A child’s world is fresh and new and beautiful, full of wonder and excitement. […] There is the world of little things, seen all too seldom. Many children, perhaps because they themselves are small and closer to the ground than we, notice and delight in the small and inconspicuous.
From Rachel Carson’s The Sense of Wonder

Carson's book was the gift of her life, her most important personal project. It captures a child's wonder and explores how to access it throughout life. I think of a young David Attenborough traipsing in the fields, “just turning over a stone and looking at the animals beneath.” Stones that Mary Oliver lamented sat deep beneath the surface, waiting to be touched.

When naturalist Gerald Durrell was nine, he moved with his family from Britain to the Mediterranean island of Corfu. Unburdened by school or supervision, he began his grand love affair with the out of doors. Durrell became a professional writer and naturist, and even as an adult, his books are flooded with childlike wonder and delight.

At first I was so bewildered by this profusion of life on our very doorstep that I could only move about the garden in a daze, watching now this creature, now that, constantly, having my attention distracted by the flights of brilliant butterflies that drifted over the hedge. Gradually, as I became more used to the bustle of insect life among the flowers, I found I could concentrate more. I would spend hours squatting on my heels or lying on my stomach watching the private lives of creatures.
From Gerald Durrell's My Family and Other Animals

A child-like mind registers the world with interest, energy, and an overall lightness of being.

Photograph by Ellen Vrana.

What allows that? Free time, unstructured play, unburdened by feelings of consciousness?

Physicist Richard P. Feynman makes the case that the desire to know can drive children about (and that this “pleasure of finding things out” lingers, if nurtured, in adults too).
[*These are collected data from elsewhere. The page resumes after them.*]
Lemma le_fuel_enough n m g h : (gsize g + gsize h <= n)%N -> (gsize g + gsize h <= m)%N ->
  le_fuel n g h = le_fuel m g h.
Proof.
elim: n m g h => [|n IH] [|m] g h hn hm; try by move: hn hm; have := gsize_gt0 g; lia.
case: g hn hm => gl gr; case: h => hl hr hn hm /=.
congr (~~ _ && ~~ _); apply: eq_has_In => x x_in; apply: IH.
- by have := gsize_rightopt hl x_in; lia.
- by have := gsize_rightopt hl x_in; lia.
- by have := gsize_leftopt gr x_in; lia.
- by have := gsize_leftopt gr x_in; lia.
Qed.

Lemma gleE g h : gle g h =
  ~~ has (fun hr => gle hr g) (rightopts h) && ~~ has (fun gl => gle h gl) (leftopts g).
Proof.
case: g => gl gr; case: h => hl hr; rewrite [in LHS]/gle [gsize (Game gl gr)]/= addSn /=.
congr (~~ _ && ~~ _); apply: eq_has_In => x x_in; symmetry; apply: le_fuel_enough => //=.
- by have := gsize_rightopt hl x_in; rewrite /=; lia.
- by have := gsize_leftopt gr x_in; rewrite /=; lia.
Qed.

(** * Values of numeric games *)

Lemma exists_simplest_pair (L U : seq rat) :
  exists p : rat * nat, separated L U ==> simplest p.2 p.1 L U.
Proof.
case: (boolP (separated L U)) => [/simplest_exists [n [x sx]]|_]; first by exists (x, n).
by exists (0, 0%N).
Qed.

(* An arbitrary value when [L] and [U] are not separated. *)
Definition simplest_between (L U : seq rat) : rat :=
  (xchoose (exists_simplest_pair L U)).1.

Lemma simplest_betweenP L U :
  separated L U -> exists n, simplest n (simplest_between L U) L U.
Proof.
by move=> LU; exists (xchoose (exists_simplest_pair L U)).2;
   exact: implyP (xchooseP (exists_simplest_pair L U)) LU.
Qed.

Fixpoint gval (g : game) : rat :=
  let: Game l r := g in simplest_between (map gval l) (map gval r).

Fixpoint numeric (g : game) : bool :=
  let: Game l r := g in
  [&& all numeric l, all numeric r & separated (map gval l) (map gval r)].

Lemma numericE l r : numeric (Game l r) =
  [&& all numeric l, all numeric r & separated (map gval l) (map gval r)].
Proof. by []. Qed.

Definition valued (g : game) (x : rat) := numeric g /\ gval g = x.

Lemma numeric_simplest l r :
  numeric (Game l r) -> exists n, simplest n (gval (Game l r)) (map gval l) (map gval r).
Proof. by case/and3P => _ _ /simplest_betweenP. Qed.

Lemma valued_simplest l r n x : all numeric l -> all numeric r ->
  simplest n x (map gval l) (map gval r) -> valued (Game l r) x.
Proof.
move=> nl nr sx; have sep := simplest_separated sx.
split; first by rewrite /= nl nr sep.
by have [m sv] := simplest_betweenP sep; exact: simplest_uniq sv sx.
Qed.

Lemma valued_map (f : game -> game) (F : game -> rat) s :
  (forall x, List.In x s -> valued (f x) (F x)) ->
  all numeric (map f s) /\ map gval (map f s) = map F s.
Proof.
move=> fF; split; last by rewrite -map_comp; apply: eq_map_In => x /fF [].
by rewrite all_map; apply: In_all => x /fF [].
Qed.

Lemma gle_gval g h : numeric g -> numeric h -> gle g h = (gval g <= gval h).
Proof.
move: g h; apply: game_ind2 => -[gl gr] [hl hr] IH ng nh.
have [m sg] := numeric_simplest ng; have [n sh] := numeric_simplest nh.
move: (ng) (nh); rewrite !numericE => /and3P [ngl _ _] /and3P [_ nhr _].
rewrite gleE -(simplest_leE sg sh) !has_map.
congr (~~ _ && ~~ _); apply: eq_has_In => x x_in /=; apply: IH => //.
- by rewrite addnC ltn_add2l; exact: gsize_rightopt x_in.
- exact: all_In nhr x_in.
- by rewrite addnC ltn_add2r; exact: gsize_leftopt x_in.
- exact: all_In ngl x_in.
Qed.

Lemma glt_gval g h : numeric g -> numeric h -> glt g h = (gval g < gval h).
Proof. by move=> ng nh; rewrite /glt !gle_gval // -ltNge andb_idl // => /ltW. Qed.

Lemma is_number_numeric g : is_number g = numeric g.
Proof.
elim/game_ind_opts: g => l r IHl IHr.
rewrite numericE /= (eq_all_In IHl) (eq_all_In IHr).
case nl: (all numeric l); case nr: (all numeric r) => //=.
apply/idP/idP => [/andP [_ rG]|sep].
  rewrite /separated all_map; apply: In_all => x x_in /=.
  rewrite all_map; apply: In_all => y y_in /=.
  have := all_In rG y_in; rewrite /glt gleE => /andP [/andP [_ noleft] _].
  rewrite ltNge -gle_gval ?(all_In nr y_in) ?(all_In nl x_in) //.
  by apply: contra noleft => yx; exact: In_has x_in yx.
have nG : numeric (Game l r) by rewrite numericE nl nr.
have [n /and5P [_ lG Gr _ _]] := numeric_simplest nG.
apply/andP; split; apply: In_all => x x_in; rewrite glt_gval ?(all_In nl x_in) ?(all_In nr x_in) //.
  exact: all_In lG (List.in_map gval _ _ x_in).
exact: all_In Gr (List.in_map gval _ _ x_in).
Qed.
It is a great adventure to contemplate the universe beyond man, to think of what it means to be without man – as it was for the great part of its long history, and as it is in the great majority of places. When this objective view is finally attained, and the mystery and majesty of matter are appreciated, to then turn the objective eye back on man viewed as matter, to see life as part of the universal mystery of greatest depth, is to sense an experience which is rarely described.
From Richard Feynman’s The Pleasure of Finding Things Out

But knowing as a child is not nearly the same as knowing as an adult.

Rachel Carson saw first-hand that childlike knowledge centers on how things relate to the child's knowledge. My daughter reminds me of this as she tells us a van, tree, telephone pole, and even cloud is either a “Mommy” or a “Daddy” specimen, occasionally “baby.”

 Caterpillars.

Children seem to possess inquisitive minds coupled with tunnel vision as they grasp knowledge and enter it into a puzzle that adults have formed: a sense of self, an understanding of the world, and a sense of the people they know.

“For children, it’s the distance that holds little interest,” observed Rebecca Solnit.

There is no distance in childhood: for a baby, a mother in the other room is gone forever; for a child, the time until a birthday is endless. Whatever is absent is impossible, irretrievable, unreachable. Their mental landscape is like that of a medieval paintings: a foreground full of vivid things and then a wall.
From Rebecca Solnit’s A Field Guide to Getting Lost

When British writer Laurie Lee, a writer of life lived and lost, mentions tracing the knots on his bedroom ceiling and how that space was his entire universe, it shows not only Lee’s absorption in the immediate but also his disinterest in everything else.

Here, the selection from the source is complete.